The editor in chief of Time Inc. made news the other day by offering to do what most of us take for granted: Obey the law.

It’s about time.

Reporter Matthew Cooper has declined to testify in the federal probe of the outing of undercover CIA operative Valerie Plame. But after the Supreme Court spurned his appeal on Monday, his superiors elected to turn over his notes, which apparently will make his refusal irrelevant.

“The same Constitution that protects the freedom of the press requires obedience to the final decisions of the courts,” said editor Norman Pearlstein — an insight that has eluded many of his fellow journalists.

That would include New York Times reporter Judith Miller, who claims the prerogative of deciding for herself what information the grand jury is entitled to hear, and whose publisher backs her up. Like Cooper, she apparently had a conversation with the leaker (or leakers) about Plame. Even though she didn’t write a story, that could make her a witness to a federal crime, since it is illegal for a federal employee to unmask a covert agent.

But Miller feels she has the right and the duty to keep her promise of confidentiality to her source, never mind that her source had no respect for his own secrecy obligations.
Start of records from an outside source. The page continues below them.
(* Assume the standing setup below. For every integer $i$ with $0\le i\le s-2r+1$ and every $I\in\mathbb{P}_i(X)$, the linear form \[ \sum_{H\in \mathbb{P}_{i+2r}(X),\ I\subseteq H} L_H \] lies in the $\mathbb{F}_p$-linear span of $\{L_H : H\subseteq X,\ i\le |H|\le i+2r-1\}$.
   Context: Standing setup: $p$ is a prime; $K=\{k_1,\ldots,k_r\}$ and $L=\{l_1,\ldots,l_s\}$ are disjoint subsets of $\{0,1,\ldots,p-1\}$; $\mathcal{A}=\{A_1,\ldots,A_m\}$ is a family of distinct subsets of $[n]$ with $|A_i|\pmod p\in K$ for all $i$ and $|A_i\cap A_j|\pmod p\in L$ for all $i\ne j$. Let $X=[n-1]$. Associate a variable $x_i$ to each $A_i$, and for each $I\subseteq X$ define the linear form over $\mathbb{F}_p$: $L_I=\sum_{i:\ I\subseteq A_i} x_i$. For $j\ge0$, $\mathbb{P}_j(X)$ is the set of $j$-element subsets of $X$. *)

From HB Require Import structures.
From mathcomp Require Import all_boot all_order all_algebra.
Set Implicit Arguments. Unset Strict Implicit. Unset Printing Implicit Defensive.
Import GRing.Theory.
Local Open Scope ring_scope.

(* Ground set [n] is encoded as 'I_n (element j+1 of [n] is ordinal j).
   X = [n-1] = first n-1 elements = ordinals j with j < n-1. *)
Definition Xset (n : nat) : {set 'I_n} := [set x : 'I_n | (val x < n.-1)%N].

(* The linear form L_I over F_p in variables x_1..x_m, as a row vector of
   coefficients: coefficient of x_i is 1 iff I \subset A_i. *)
Definition linform (p n m : nat) (A : 'I_m -> {set 'I_n}) (I : {set 'I_n})
  : 'rV['F_p]_m := \row_(i < m) (if I \subset A i then 1 else 0).

From HB Require Import structures.
From mathcomp Require Import all_boot all_order all_algebra.
From mathcomp Require Import ring zify.

Set Implicit Arguments.
Unset Strict Implicit.
Unset Printing Implicit Defensive.
Import GRing.Theory.
Local Open Scope ring_scope.

(* Let [W_t] be the sum of the [L_H] over the [t]-element extensions [H] of
   [I] inside [X]; its [j]-th coordinate is ['C(|A_j :&: X| - i, t)] if
   [I \subset A_j] and [0] otherwise.  As [|A_j :&: X|] is [|A_j|] or
   [|A_j| - 1], the degree-[2 r] polynomial
   [\prod_(k in K) ('X - (k - i)) ('X - (k - 1 - i))] vanishes at
   [|A_j :&: X| - i] in ['F_p]; writing it in the binomial basis expresses
   [(2 r)! W_(2 r)] as a combination of [W_0, ..., W_(2 r - 1)], which lie in
   the span.  This needs [2 r < p].  Otherwise the disjointness of [K] and [L]
   forces [p = 2], [r = s = 1] and [i = 0], and then the forms [L_H] with
   [|H| <= 1] already span everything. *)

Section BinomialBasis.
Context {F : fieldType}.

(* Coordinates of [\prod_(c <- cs) ('X - c)] in the binomial basis ['C('X, u)],
   computed from ['X * 'C('X, u) = u.+1 * 'C('X, u.+1) + u * 'C('X, u)]. *)
Definition binomial_coords (cs : seq F) : nat -> F :=
  foldr (fun c g u => u%:R * g u.-1 + (u%:R - c) * g u)
        (fun u => (u == 0%N)%:R) cs.

Lemma binomial_coords_gt cs u : (size cs < u)%N -> binomial_coords cs u = 0.
Proof.
elim: cs u => [|c cs IH] [|u] //= ltu.
by rewrite !IH ?mulr0 ?addr0 // ltnW.
Qed.

Lemma binomial_coords_size cs : binomial_coords cs (size cs) = (size cs)`!%:R.
Proof.
elim: cs => [|c cs IH] //=.
by rewrite IH binomial_coords_gt // mulr0 addr0 factS natrM.
Qed.

Lemma mul_binS (y u : nat) : (u.+1 * 'C(y, u.+1) + u * 'C(y, u) = y * 'C(y, u))%N.
Proof.
rewrite mul_bin_left -mulnDl.
by case: (leqP u y) => [/subnK -> | /bin_small ->]; rewrite ?muln0.
Qed.

Lemma binomial_coords_expansion cs y N : (size cs < N)%N ->
  \sum_(u < N) binomial_coords cs u * 'C(y, u)%:R = \prod_(c <- cs) (y%:R - c).
Proof.
elim: cs N => [|c cs IH] [|N] //= ltN.
  by rewrite big_nil big_ord_recl /= bin0 mulr1 big1 ?addr0 // => u _; rewrite mul0r.
rewrite big_cons -(IH N) // mulr_sumr.
under eq_bigr do rewrite mulrDl.
rewrite big_split /= big_ord_recl /= !mul0r add0r big_ord_recr /=.
rewrite binomial_coords_gt // mulr0 mul0r addr0 -big_split /=.
apply: eq_bigr => u _; rewrite /bump /= add1n add0n.
set g := binomial_coords cs u.
transitivity (g * (u.+1 * 'C(y, u.+1) + u * 'C(y, u))%N%:R - c * g * 'C(y, u)%:R : F).
  by rewrite natrD !natrM; ring.
by rewrite mul_binS natrM; ring.
Qed.

Lemma binomial_basis_relation (cs : seq F) : exists b : nat -> F, forall y : nat,
  \prod_(c <- cs) (y%:R - c) = 0 ->
  (size cs)`!%:R * 'C(y, size cs)%:R = \sum_(u < size cs) b u * 'C(y, u)%:R.
Proof.
exists (fun u => - binomial_coords cs u) => y root_y.
have := @binomial_coords_expansion cs y _ (ltnSn (size cs)).
rewrite root_y big_ord_recr /= binomial_coords_size => /eqP.
rewrite addrC addr_eq0 => /eqP ->; rewrite -sumrN.
by apply: eq_bigr => u _; rewrite mulNr.
Qed.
She says she will go to jail rather than cooperate, and this week, she may get the chance.

Her fortitude would be admirable in a noble cause, which unfortunately this is not. Plame is the wife of former ambassador Joseph Wilson, who infuriated the White House by publicly rejecting claims that Saddam Hussein was trying to acquire nuclear weapons. After he wrote an article criticizing the administration’s evidence, someone leaked the information in an attempt to discredit him.

Columnist Robert Novak obligingly published Plame’s name, which he said he got from “two senior administration officials.” (Novak refuses to say whether he’s testified, but since he hasn’t been threatened with jail, it’s safe to assume he has.) Miller and Cooper have chosen to shield someone who blew an American agent’s cover for political revenge.

This is a terrible mistake for two reasons. In the first place, as the Supreme Court made clear, it is based on a legal privilege that exists only in the fertile imagination of journalists. In the second, it may serve to protect a serious felon from being brought to justice.

Miller insists that her subpoena, by compromising the confidentiality of news sources, threatens the public’s right to know. But there are some things the public has no right to know — including the names of covert agents. If Plame’s exposure had made her a terrorist target, that would be painfully obvious.

The law in question was passed in 1982 after rogue agent Philip Agee outed more than 1,000 CIA operatives, potentially jeopardizing their lives. No one has argued it should be repealed. But if federal employees can leak names to journalists without fear that the reporters may testify against them, the law would have all the value of a Confederate bank note.

It may not be surprising to find a couple of journalists behaving irresponsibly. What is surprising is that the entire press has rallied behind them. A host of news organizations signed a brief siding with Cooper and Miller during their court battle. Editorialists at The New York Times and The Wall Street Journal, who normally can’t agree that shamrocks are green, both condemned special prosecutor Patrick Fitzgerald for thinking the protection of our spies justifies inconveniencing reporters.

But even the states that have shield laws allow prosecutors to subpoena reporters under certain conditions. Federal courts have ruled that even if there were a reporter’s privilege not to testify, it would not be enough to excuse Miller and Cooper, because the information sought is crucial and the prosecutor has exhausted every other means of getting it.

The only protection that might help is an absolute shield, akin to the attorney-client or doctor-patient privilege. But as University of Chicago law professor Geoffrey Stone notes, even those have exceptions. If a client asks his lawyer how to get away with robbing a bank, the conversation is not protected, because the privilege was never meant to facilitate violations of the law.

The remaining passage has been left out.